Exercise brief →
Your output must be the line containing "Lemma isD_scal (c" followed by every later line in the entries below, all copied exactly.

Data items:

++++++++++

Lemma isD_eq (f : C -> C) x l l' : isD f x l -> l = l' -> isD f x l'.
Proof. intros H <-; exact H. Qed.

Lemma isD_ext (f g : C -> C) x l : (forall t, f t = g t) -> isD f x l -> isD g x l.
Proof. intros. eapply (@is_derive_ext C_AbsRing C_NormedModule); eauto. Qed.

Lemma isD_const (c x : C) : isD (fun _ => c) x (RtoC 0).
Proof. exact (@is_derive_const C_AbsRing C_NormedModule c x). Qed.

Lemma isD_id (x : C) : isD (fun t => t) x (RtoC 1).
Proof. apply is_derive_of_abs. exact (@is_derive_id C_AbsRing x). Qed.

Lemma isD_plus f g x df dg : isD f x df -> isD g x dg -> isD (fun t => f t + g t) x (df + dg).
Proof. intros. apply (@is_derive_plus C_AbsRing C_NormedModule); auto. Qed.

Lemma isD_mult f g x df dg : isD f x df -> isD g x dg ->
  isD (fun t => f t * g t) x (df * g x + f x * dg).
Proof.
  intros. apply is_derive_of_abs.
  apply (@is_derive_mult C_AbsRing); try apply is_derive_to_abs; auto.
  intros; apply Cmult_comm.
Qed.

Lemma isD_scal (c : C) f x df : isD f x df -> isD (fun t => c * f t) x (c * df).
Proof. intros. eapply isD_eq; [apply isD_mult; [apply isD_const | eauto]|]. Cring. Qed.

Lemma isD_opp f x df : isD f x df -> isD (fun t => - f t) x (- df).
Proof.
  intros H. eapply isD_eq; [eapply isD_ext; [|apply (isD_scal (-1) f x df H)]|].
  - intros t; simpl; ring.
  - Cring.
Qed.

Lemma isD_comp (f g : C -> C) x df dg : isD f (g x) df -> isD g x dg ->
  isD (fun t => f (g t)) x (dg * df).
Proof. intros. apply (@is_derive_comp C_AbsRing C_NormedModule); auto. apply is_derive_to_abs; auto. Qed.

Lemma isD_cexp (g : C -> C) x dg : isD g x dg -> isD (fun t => cexp (g t)) x (dg * cexp (g x)).
Proof. intros. apply isD_comp; auto. apply is_derive_cexp. Qed.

++++++++++

Solution to the problem →
Lemma isD_scal (c : C) f x df : isD f x df -> isD (fun t => c * f t) x (c * df).
Proof. intros. eapply isD_eq; [apply isD_mult; [apply isD_const | eauto]|]. Cring. Qed.

Lemma isD_opp f x df : isD f x df -> isD (fun t => - f t) x (- df).
Proof.
  intros H. eapply isD_eq; [eapply isD_ext; [|apply (isD_scal (-1) f x df H)]|].
  - intros t; simpl; ring.
  - Cring.
Qed.

Lemma isD_comp (f g : C -> C) x df dg : isD f (g x) df -> isD g x dg ->
  isD (fun t => f (g t)) x (dg * df).
Proof. intros. apply (@is_derive_comp C_AbsRing C_NormedModule); auto. apply is_derive_to_abs; auto. Qed.

Lemma isD_cexp (g : C -> C) x dg : isD g x dg -> isD (fun t => cexp (g t)) x (dg * cexp (g x)).
Proof. intros. apply isD_comp; auto. apply is_derive_cexp. Qed.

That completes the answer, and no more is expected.